- **The problem**
Print the records below from the first line through the line containing "by rewrite -(subnKC lt) stab.", both included, word for word.

- **Provided data**
Lemma Ginf_ideal x b : b \in Ginf -> br x b \in Ginf.
Proof.
move=> /HG bG; apply/HG => -[//|[|i]] _; first exact: memvf.
by apply: brk_mem (bG i.+1 _); rewrite ?memvf.
Qed.

Lemma complement_nilpotent : exists c, forall x, x \in lcs0 br N c -> x = 0.
Proof.
have [c stab] := lcs0_stabilises Hbr (@subalgebra_full _ _ br).
exists c => x xc.
have xf : x \in lcs0 br fullv c := subvP (@lcs0_full _ _ br Hbr N c) x xc.
have xG : x \in Ginf.
  apply/HG => i _; rewrite /lcs; case: (leqP i.-1 c) => [le|/ltnW lt].
    exact: (subvP (lcs0_mono Hbr (@subalgebra_full _ _ br) le)).
  by rewrite -(subnKC lt) stab.
by apply/eqP; rewrite -memv0 -Hcap memv_cap xG (subvP (lcs0_sub c HN)).
Qed.

End Complement.

Section Completeness.
Variables (K : fieldType) (V : vectType K) (br p star : V -> V -> V).
Variables (Ginf N : {vspace V}).
Hypotheses (Hbr : lie_bracket br) (HN : subalgebra br N) (HLR : LR_on br N p).
Hypothesis HNN : forall x y, x \in N -> y \in N -> p x y \in lcs br N 2.
Hypothesis HG : forall v, v \in Ginf <-> (forall i, (0 < i)%N -> v \in lcs br fullv i).
Hypotheses (Hsum : (Ginf + N = fullv)%VS) (Hcap : (Ginf :&: N = 0)%VS).
Hypothesis Hstar : forall a b x y, a \in Ginf -> b \in Ginf -> x \in N -> y \in N ->
  star (a + x) (b + y) = br x b + p x y.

- **Response for this exercise**
Lemma Ginf_ideal x b : b \in Ginf -> br x b \in Ginf.
Proof.
move=> /HG bG; apply/HG => -[//|[|i]] _; first exact: memvf.
by apply: brk_mem (bG i.+1 _); rewrite ?memvf.
Qed.

Lemma complement_nilpotent : exists c, forall x, x \in lcs0 br N c -> x = 0.
Proof.
have [c stab] := lcs0_stabilises Hbr (@subalgebra_full _ _ br).
exists c => x xc.
have xf : x \in lcs0 br fullv c := subvP (@lcs0_full _ _ br Hbr N c) x xc.
have xG : x \in Ginf.
  apply/HG => i _; rewrite /lcs; case: (leqP i.-1 c) => [le|/ltnW lt].
    exact: (subvP (lcs0_mono Hbr (@subalgebra_full _ _ br) le)).
  by rewrite -(subnKC lt) stab.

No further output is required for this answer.